(* Let $c>1$, $\sigma=1-\frac1c$, and let $p,q\in[1,\infty)$ satisfy $(p-1)(q-1)=\sigma^2$. Then for every $\gamma\in[0,1]$ and every $m\ge1$, $$\Phi_r\!\left(\frac1m,\gamma\right)\ \ge\ \gamma^q\,m^{1+\frac qp-q}.$$
   Context: Work on $V=\{-1,1\}^d$ with the uniform probability measure $\mu$. For $x\in\{-1,1\}^d$, $N_\sigma(x)$ is the distribution of $y$ obtained by independently, for each coordinate $i$, setting $y_i=x_i$ with probability $\sigma$ and $y_i$ uniform in $\{-1,1\}$ otherwise. Let $e$ be the joint distribution of the pair $(x,y)$ with $x\sim\mu$ (data point) and $y\sim N_\sigma(x)$ (query); both marginals are $\mu$. The robust expansion is $$\Phi_r(\delta,\gamma)=\min_{A\subseteq V:\ 0<\mu(A)\le\delta}\ \ \min_{B\subseteq V:\ \Pr_{(x,y)\sim e}[x\in B\mid y\in A]\ge\gamma}\ \frac{\mu(B)}{\mu(A)}.$$ *)

From Stdlib Require Import Reals Lra List.
Import ListNotations.
Open Scope R_scope.

(* Points of {-1,1}^d are encoded as boolean lists of length d
   (true = +1, false = -1). *)
Fixpoint cube (d : nat) : list (list bool) :=
  match d with
  | O => [ [] ]
  | S d' => flat_map (fun v => [true :: v; false :: v]) (cube d')
  end.

(* Subsets of V are boolean predicates; only their values on [cube d] matter. *)
Definition subset_V := list bool -> bool.

Definition sumR {T : Type} (f : T -> R) (l : list T) : R :=
  fold_right (fun v acc => f v + acc) 0 l.

Definition ind (b : bool) : R := if b then 1 else 0.

Definition mu (d : nat) (A : subset_V) : R :=
  sumR (fun v => ind (A v)) (cube d) / 2 ^ d.

(* Transition probability Pr[y | x] for y ~ N_sigma(x): each coordinate is
   kept with prob. sigma, otherwise resampled uniformly; hence
   Pr[y_i = x_i] = (1+sigma)/2 and Pr[y_i <> x_i] = (1-sigma)/2. *)
Fixpoint noise_kernel (sigma : R) (x y : list bool) : R :=
  match x, y with
  | a :: x', b :: y' =>
      (if Bool.eqb a b then (1 + sigma) / 2 else (1 - sigma) / 2)
      * noise_kernel sigma x' y'
  | _, _ => 1
  end.

(* Joint law e of (x,y): x ~ mu, y ~ N_sigma(x).
   joint_prob d sigma B A = Pr_{(x,y)~e}[x in B /\ y in A]. *)
Definition joint_prob (d : nat) (sigma : R) (B A : subset_V) : R :=
  sumR (fun x => sumR (fun y =>
          ind (B x) * ind (A y) * (/ 2 ^ d) * noise_kernel sigma x y)
        (cube d)) (cube d).

(* Pr_{(x,y)~e}[x in B | y in A]; the y-marginal of e is mu. *)
Definition cond_prob (d : nat) (sigma : R) (B A : subset_V) : R :=
  joint_prob d sigma B A / mu d A.
(* Factor the Delta-component of a morphism (alpha, theta) of Gamma as
   alpha = delta o sigma with sigma surjective and delta injective.  Naturality
   of theta gives theta_j o X(i <= j) = theta_i for i <= j, a (C_-, C_+)-
   factorization of theta_i; when sigma i = sigma j, uniqueness of Reedy
   factorizations in C makes X(i <= j) an identity and theta_j = theta_i.  So X
   and theta are constant on the fibres of sigma and descend along sigma, which
   factors (alpha, theta) through Gamma_- followed by Gamma_+; uniqueness comes
   from that of the surjective-injective factorization in Delta.
   A non-identity of Gamma_- strictly shortens the chain, and a non-identity of
   Gamma_+ either lengthens it or, at equal length, is a family of C_+ maps
   X i -> Y i not all identities.  Hence <' on Gamma is well founded by
   induction on the length, then on the pointwise order induced by <' on C. *)

From Stdlib Require Import ProofIrrelevance FunctionalExtensionality.
From mathcomp Require Import all_boot zify.
Set Implicit Arguments. Unset Strict Implicit. Unset Printing Implicit Defensive.

Lemma dmap_ext m n (a b : dmap m n) : a =1 b -> a = b.
Proof.
case: a b => [fa ma] [fb mb] /= /functional_extensionality Efab; subst fb.
by rewrite (proof_irrelevance _ ma mb).
Qed.

Section DeltaMaps.
Variables m n : nat.
Implicit Types (f d s : dmap m n) (i j : 'I_m.+1) (r : 'I_n.+1).

Lemma dinj_ltn f : dinj f -> forall i j, i < j -> f i < f j.
Proof.
move=> injf i j lt_ij; rewrite ltn_neqAle dmono ?(ltnW lt_ij) // andbT.
by apply: contraTneq lt_ij => /ord_inj/injf->; rewrite ltnn.
Qed.

Lemma dsurj_succ s : dsurj s -> forall i j, j = i.+1 :> nat -> s j <= (s i).+1.
Proof.
move=> surjs i j Ej; rewrite leqNgt; apply/negP=> lt_sj.
have lt_n : (s i).+1 < n.+1 by exact: ltn_trans lt_sj (ltn_ord (s j)).
have [k Ek] := surjs (Ordinal lt_n).
case: (leqP k i) => [le_ki | lt_ik].
  by have := dmono s le_ki; rewrite Ek /= ltnn.
have le_jk : j <= k by rewrite Ej.
by have := dmono s le_jk; rewrite Ek /= leqNgt lt_sj.
Qed.

Lemma dinj_gap f : dinj f -> forall i j, i <= j -> f i + (j - i) <= f j.
Proof.
move=> injf i [j lt_jm]; elim: j lt_jm => [|j IHj] lt_jm;
  rewrite leq_eqVlt => /predU1P[Eij | //];
  try by have -> : i = Ordinal lt_jm := ord_inj Eij; rewrite subnn addn0.
rewrite ltnS => lt_ij; have lt_jm' : j < m.+1 by exact: ltnW.
have := IHj lt_jm' lt_ij; have := dinj_ltn injf (ltnSn j : Ordinal lt_jm' < Ordinal lt_jm).
rewrite /=; lia.
Qed.

Lemma dsurj_gap s : dsurj s -> forall i j, i <= j -> s j <= s i + (j - i).
Proof.
move=> surjs i [j lt_jm]; elim: j lt_jm => [|j IHj] lt_jm;
  rewrite leq_eqVlt => /predU1P[Eij | //];
  try by have -> : i = Ordinal lt_jm := ord_inj Eij; rewrite subnn addn0.
rewrite ltnS => lt_ij; have lt_jm' : j < m.+1 by exact: ltnW.
have := IHj lt_jm' lt_ij.
have := dsurj_succ surjs (i := Ordinal lt_jm') (j := Ordinal lt_jm) erefl.
rewrite /=; lia.
Qed.

Lemma dinj_leq f : dinj f -> m <= n.
Proof.
move=> injf; have := dinj_gap injf (leq0n ord_max : @ord0 m <= ord_max).
by have := ltn_ord (f ord_max); rewrite /=; lia.
Qed.

Lemma dsurj0 s : dsurj s -> s ord0 = 0 :> nat.
Proof.
move=> surjs; have [k Ek] := surjs ord0; apply/eqP; rewrite -leqn0.
by have := dmono s (leq0n k : @ord0 m <= k); rewrite Ek.
Qed.

Lemma dsurj_max s : dsurj s -> s ord_max = n :> nat.
Proof.
move=> surjs; have [k Ek] := surjs ord_max; apply/eqP; rewrite eqn_leq -ltnS ltn_ord /=.
by have := dmono s (leq_ord k : k <= @ord_max m); rewrite Ek.
Qed.

Lemma dsurj_geq s : dsurj s -> n <= m.
Proof.
move=> surjs; have := dsurj_gap surjs (leq0n ord_max : @ord0 m <= ord_max).
by rewrite dsurj0 // dsurj_max //= subn0.
Qed.

Lemma dinj_idE f : dinj f -> m = n -> forall i, f i = i :> nat.
Proof.
move=> injf Emn i; have := dinj_gap injf (leq0n i : ord0 <= i).
have := dinj_gap injf (leq_ord i : i <= ord_max).
by have := ltn_ord (f ord_max); have := ltn_ord i; rewrite /=; lia.
Qed.

Lemma dsurj_idE s : dsurj s -> m = n -> forall i, s i = i :> nat.
Proof.
move=> surjs Emn i; have := dsurj_gap surjs (leq0n i : ord0 <= i).
have := dsurj_gap surjs (leq_ord i : i <= ord_max).
by rewrite dsurj0 // dsurj_max //=; have := ltn_ord i; lia.
Qed.

Definition dsec s r : 'I_m.+1 := odflt ord0 [pick i | s i == r].

Lemma dsecK s : dsurj s -> forall r, s (dsec s r) = r.
Proof.
move=> surjs r; rewrite /dsec; case: pickP => [i /eqP // | none].
by have [i Ei] := surjs r; have := none i; rewrite Ei eqxx.
Qed.

Lemma dsec_mono s : dsurj s -> forall r r', r <= r' -> dsec s r <= dsec s r'.
Proof.
move=> surjs r r' le_rr'; rewrite leqNgt; apply/negP=> lt_sec.
have := dmono s (ltnW lt_sec); rewrite !dsecK // => le_r'r.
have Er : r = r' by apply: ord_inj; apply/eqP; rewrite eqn_leq le_rr'.
by move: lt_sec; rewrite Er ltnn.
Qed.

End DeltaMaps.

Lemma dsurj_step m k n (s : dmap m k) (d : dmap k n) : dsurj s -> dinj d ->
  forall i j : 'I_m.+1, j = i.+1 :> nat -> s j = s i + (d (s i) != d (s j)) :> nat.
Proof.
move=> surjs injd i j Ej; have le_ij : i <= j by rewrite Ej.
have := dmono s le_ij; have := dsurj_succ surjs Ej.
case: eqP => [/injd-> | ne_d]; first by rewrite addn0.
have ne_s : s i <> s j :> nat by move=> /ord_inj E; apply: ne_d; rewrite E.
lia.
Qed.

Lemma dmap_epi_mono m n (a : dmap m n) :
  exists k (s : dmap m k) (d : dmap k n), [/\ dsurj s, dinj d & forall i, d (s i) = a i].
Proof.
pose S := [seq v <- iota 0 n.+1 | v \in [seq a i : nat | i <- enum 'I_m.+1]].
have sortS : sorted ltn S := sorted_filter ltn_trans _ (iota_ltn_sorted 0 n.+1).
have uniqS : uniq S := sorted_uniq ltn_trans ltnn sortS.
have aS i : (a i : nat) \in S.
  by rewrite mem_filter mem_iota add0n ltn_ord andbT andbT; apply: map_f; rewrite mem_enum.
pose k := (size S).-1.
have sizeS : size S = k.+1.
  by rewrite prednK //; move: (aS ord0); rewrite -index_mem; apply: leq_ltn_trans.
have nthS (r : 'I_k.+1) : nth 0 S r \in S by rewrite mem_nth // sizeS.
pose s i : 'I_k.+1 := inord (index (a i : nat) S).
have sE i : s i = index (a i : nat) S :> nat by rewrite inordK // -sizeS index_mem.
pose d (r : 'I_k.+1) : 'I_n.+1 := inord (nth 0 S r).
have dE r : d r = nth 0 S r :> nat.
  by rewrite inordK //; move: (nthS r); rewrite mem_filter mem_iota => /and3P[].
have s_mono (i j : 'I_m.+1) : i <= j -> s i <= s j.
  move=> le_ij; rewrite !sE leqNgt; apply/negP.
  by move=> /(sorted_ltn_index ltn_trans sortS _ _ (aS j) (aS i)); rewrite ltnNge dmono.
have d_mono (r r' : 'I_k.+1) : r <= r' -> d r <= d r'.
  rewrite !dE leq_eqVlt => /predU1P[/ord_inj-> // | lt_rr'].
  by apply/ltnW/(sorted_ltn_nth ltn_trans 0 sortS); rewrite ?inE ?sizeS.
exists k, (DMap s_mono), (DMap d_mono); split => /=.
- move=> r; have /mapP[i _ Ei] : nth 0 S r \in [seq a i : nat | i <- enum 'I_m.+1].
    by have := nthS r; rewrite mem_filter => /andP[].
  by exists i; apply: ord_inj; rewrite sE -Ei index_uniq // sizeS.
- move=> r r' /(congr1 val); rewrite /= !dE => /eqP.
  by rewrite nth_uniq ?sizeS // => /eqP/ord_inj.
- by move=> i; apply: ord_inj; rewrite dE sE nth_index.
Qed.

- TASK INSTRUCTIONS
Your answer should consist solely of the lines above from the line with "Section DeltaMaps." to the line with "have le_jk : j <= k by rewrite Ej.", both included, reproduced exactly.

- ANSWER SECTION
Section DeltaMaps.
Variables m n : nat.
Implicit Types (f d s : dmap m n) (i j : 'I_m.+1) (r : 'I_n.+1).

Lemma dinj_ltn f : dinj f -> forall i j, i < j -> f i < f j.
Proof.
move=> injf i j lt_ij; rewrite ltn_neqAle dmono ?(ltnW lt_ij) // andbT.
by apply: contraTneq lt_ij => /ord_inj/injf->; rewrite ltnn.
Qed.

Lemma dsurj_succ s : dsurj s -> forall i j, j = i.+1 :> nat -> s j <= (s i).+1.
Proof.
move=> surjs i j Ej; rewrite leqNgt; apply/negP=> lt_sj.
have lt_n : (s i).+1 < n.+1 by exact: ltn_trans lt_sj (ltn_ord (s j)).
have [k Ek] := surjs (Ordinal lt_n).
case: (leqP k i) => [le_ki | lt_ik].
  by have := dmono s le_ki; rewrite Ek /= ltnn.
have le_jk : j <= k by rewrite Ej.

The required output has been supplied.